Task brief:
All lines of the listing that contain "exact" should be shown in full.
______
Theorem theorem4p1 (X : Type) (G : set (X -> X)) :
  infinite_set [set: X] -> perm_subgroup G ->
  [/\ (hyp1 G -> is_meet (leftU G) (rightU G) (UG G)),
      (is_meet (leftU G) (rightU G) (UG G) -> tot_bounded (UX G) ->
         roelcke_precompact G /\
         forall (B : uniformType) (e : X -> B), is_completion (UX G) e ->
           roelcke_compactification_is (fun g : GT G => fun x => e (proj1_sig g x))) &
      (is_meet (leftU G) (rightU G) (UG G) -> tot_bounded (UX G) ->
         forall (B : uniformType) (e : X -> B) (act : GT G -> B -> B),
           is_completion (UX G) e -> extends_action e act -> hyp3 e act ->
           UG G = prod_comap act /\ roelcke_compactification_is act)].
Proof.
move=> _ PG; split.
- exact: UG_is_meet.
- move=> M tbX; split=> [W /(is_meet_unique M) ->|B e Ce].
    exact: UG_tot_bounded.
  apply: roelcke_compactification_of_meet M (completion_map_inj Ce) _.
  exact: UG_prod_comap_completion.
- move=> M _ B e act Ce ext h3; have UGact := UG_prod_comap_act PG Ce ext h3.
  by split=> //; exact: roelcke_compactification_of_meet M (act_inj Ce ext) UGact.
Qed.
(* Let $T>0$, $n_0>0$, $\alpha>0$ and $P>0$. For each integer $k\ge1$ let $\omega_k>0$ be the unique positive solution of $2\arctan(\omega_k/\alpha)=k\pi-\omega_k T$, and set $\lambda_k=\frac{2\alpha P}{\alpha^2+\omega_k^2}$ (these are the Mercer eigenvalues on $[0,T]$ of the kernel $R_X(t_1,t_2)=P e^{-\alpha|t_1-t_2|}$). Define $$C(T)=\frac1{2T}\sum_{k=1}^{\infty}\log\left(1+\frac{\lambda_k}{n_0/2}\right),\qquad C_{\mathrm{sh}}=\frac1{4\pi}\int_{-\infty}^{\infty}\log\left(1+\frac{\frac{2P\alpha}{\alpha^2+\omega^2}}{n_0/2}\right)\mathrm{d}\omega .$$ Then for any fixed $T,n_0,\alpha>0$ there exists $\delta>0$ such that $C(T)>C_{\mathrm{sh}}$ holds strictly for every $P$ with $0<P<\delta$.
   Context: Setting: the transmitted signal is a zero-mean stationary Gaussian process with autocorrelation $R_X(\tau)=Pe^{-\alpha|\tau|}$ (power spectral density $S_X(\omega)=2P\alpha/(\alpha^2+\omega^2)$), corrupted by additive white Gaussian noise of power spectral density $n_0/2$; $C(T)$ is the finite-time transmission rate over the window $[0,T]$ and $C_{\mathrm{sh}}$ is the Shannon capacity. Logarithms are natural. *)

From Stdlib Require Import Reals.
From Coquelicot Require Import Coquelicot.
Open Scope R_scope.

Definition lam (alpha P wk : R) : R := 2 * alpha * P / (alpha ^ 2 + wk ^ 2).

Definition is_omega (T alpha : R) (k : nat) (w : R) : Prop :=
  0 < w /\ 2 * atan (w / alpha) = INR k * PI - w * T.

Definition CT (T n0 alpha P : R) (omega : nat -> R) : R :=
  / (2 * T) * Series (fun n => ln (1 + lam alpha P (omega (S n)) / (n0 / 2))).

Definition Csh (n0 alpha P : R) : R :=
  / (4 * PI) *
  RInt_gen (fun w => ln (1 + (2 * P * alpha / (alpha ^ 2 + w ^ 2)) / (n0 / 2)))
    (Rbar_locally m_infty) (Rbar_locally p_infty).
(* For $n\ge2$, with $\widetilde Q_n$, $\lambda_\pm$, the double suspension $\Sigma^2$ and $\iota\colon\Sigma^2\widetilde Q_n\to\widetilde Q_{n+1}$ as in the context, the homomorphism $\iota_*\circ\Sigma^2\colon\pi_{2n-1}(\widetilde Q_n)\to\pi_{2n+1}(\widetilde Q_{n+1})$ maps $\lambda_+\mapsto\lambda_+$ and $\lambda_-\mapsto\lambda_-$.
   Context: $\widetilde Q_n=\{(a,b)\in\mathbb R^{2n}\oplus\mathbb R^{2n}: |a|=|b|=1,\ \langle a,b\rangle=0\}$ (simply connected). For a subspace $S\subset V$ of a real vector space, $\Sigma^2S=\{(\sqrt{1-|X|^2}\,v,X): v\in S, X\in\mathbb R^2, |X|\le1\}\subset V\oplus\mathbb R^2$; in particular $\Sigma^2S^{2n-1}=S^{2n+1}\subset\mathbb R^{2n+2}$, and for $f\colon S^{2n-1}\to S$ one sets $\Sigma^2f(\sqrt{1-|X|^2}u,X)=(\sqrt{1-|X|^2}f(u),X)$, defining $\Sigma^2\colon\pi_{2n-1}(S)\to\pi_{2n+1}(\Sigma^2S)$. Let $j_+$ be the orientation-compatible orthogonal complex structure on $\mathbb R^2$, and define $\iota\colon\Sigma^2\widetilde Q_n\to\widetilde Q_{n+1}$ by $(\sqrt{1-|X|^2}(a,b),X)\mapsto\big((\sqrt{1-|X|^2}a,X),(\sqrt{1-|X|^2}b,-j_+X)\big)$. Spheres $S^{m}\subset\mathbb R^{m+1}$ carry the standard boundary orientation. $\lambda_+\in\pi_{2n-1}(\widetilde Q_n)$ is the class of $a\mapsto(a,-J_+a)$ for an orthogonal complex structure $J_+$ on $\mathbb R^{2n}$ compatible with the orientation, and $\lambda_-$ is minus the class of $a\mapsto(a,-J_-a)$ for an orthogonal complex structure $J_-$ compatible with the opposite orientation (both independent of the choice). *)

From HB Require Import structures.
From mathcomp Require Import all_boot all_order all_algebra.
From mathcomp Require Import all_classical all_reals all_analysis.
Set Implicit Arguments. Unset Strict Implicit. Unset Printing Implicit Defensive.
Import Order.TTheory GRing.Theory Num.Theory numFieldNormedType.Exports.
Local Open Scope classical_set_scope.
Local Open Scope ring_scope.

Section Defs.
Variable R : realType.

Definition vdot (k : nat) (a b : 'rV[R]_k) : R := \sum_(i < k) a 0 i * b 0 i.
Definition vnorm (k : nat) (a : 'rV[R]_k) : R := Num.sqrt (vdot a a).

Definition sphere (k : nat) : set 'rV[R]_k := [set x | vnorm x = 1].

Definition Qt (k : nat) : set ('rV[R]_k * 'rV[R]_k) :=
  [set p | vnorm p.1 = 1 /\ vnorm p.2 = 1 /\ vdot p.1 p.2 = 0].

(* Linear maps act on row vectors on the right: x |-> x *m J. *)
Definition ocs (k : nat) (J : 'M[R]_k) : Prop :=
  J *m J = - 1%:M /\ J *m J^T = 1%:M.

(* J is compatible with the orientation with sign [pos]: there is an
   orthonormal basis (rows of P) of the form (e_1, J e_1, ..., e_m, J e_m)
   which is positively (resp. negatively) oriented. *)
Definition ocs_oriented (pos : bool) (k : nat) (J : 'M[R]_k) : Prop :=
  exists P : 'M[R]_k,
    P *m P^T = 1%:M /\
    (if pos then 0 < \det P else \det P < 0) /\
    (forall i j : 'I_k, ~~ odd i -> val j = i.+1 -> row j P = row i P *m J).

Definition ocs_pos (k : nat) (J : 'M[R]_k) := ocs J /\ ocs_oriented true J.
Definition ocs_neg (k : nat) (J : 'M[R]_k) := ocs J /\ ocs_oriented false J.

Definition jplus : 'M[R]_2 :=
  \matrix_(i < 2, j < 2)
     (if (val i == 0%N) && (val j == 1%N) then 1
      else if (val i == 1%N) && (val j == 0%N) then -1 else 0).

Definition lam (k : nat) (J : 'M[R]_k) (a : 'rV[R]_k) : 'rV[R]_k * 'rV[R]_k :=
  (a, - (a *m J)).

(* reflection of R^k in the first coordinate (represents -1 in pi_{k-1}) *)
Definition refl (k : nat) (x : 'rV[R]_k) : 'rV[R]_k :=
  \row_i (if val i == 0%N then - x 0 i else x 0 i).

(* double suspension of f : S^{m-1} -> R^p (+) R^p, as a map
   S^{m+1} subset R^m (+) R^2 -> (R^p (+) R^p) (+) R^2:
   (sqrt(1-|X|^2) u, X) |-> (sqrt(1-|X|^2) f(u), X) *)
Definition susp2 (m p : nat) (f : 'rV[R]_m -> 'rV[R]_p * 'rV[R]_p)
  (y : 'rV[R]_(m + 2)) : ('rV[R]_p * 'rV[R]_p) * 'rV[R]_2 :=
  let v := lsubmx y in
  let X := rsubmx y in
  let s := vnorm v in
  (if s == 0 then (0, 0)
   else (s *: (f (s^-1 *: v)).1, s *: (f (s^-1 *: v)).2), X).

Definition iotaQ (p : nat) (w : ('rV[R]_p * 'rV[R]_p) * 'rV[R]_2)
  : 'rV[R]_(p + 2) * 'rV[R]_(p + 2) :=
  (row_mx w.1.1 w.2, row_mx w.1.2 (- (w.2 *m jplus))).

Definition homotopic (m : nat) (Y : topologicalType) (A : set 'rV[R]_m)
  (B : set Y) (f g : 'rV[R]_m -> Y) : Prop :=
  exists H : R * 'rV[R]_m -> Y,
    {within [set t : R | 0 <= t <= 1] `*` A, continuous H} /\
    (forall t x, 0 <= t <= 1 -> A x -> B (H (t, x))) /\
    (forall x, A x -> H (0, x) = f x) /\
    (forall x, A x -> H (1, x) = g x).

End Defs.

From HB Require Import structures.
From mathcomp Require Import all_boot all_order all_algebra.
From mathcomp Require Import all_classical all_reals all_analysis.
From mathcomp Require Import ring lra zify.
Import Order.TTheory GRing.Theory Num.Theory numFieldNormedType.Exports.
Local Open Scope classical_set_scope.
Local Open Scope ring_scope.
Set Implicit Arguments. Unset Strict Implicit. Unset Printing Implicit Defensive.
______
Written reply:
- exact: UG_is_meet.
    exact: UG_tot_bounded.
  exact: UG_prod_comap_completion.
  by split=> //; exact: roelcke_compactification_of_meet M (act_inj Ce ext) UGact.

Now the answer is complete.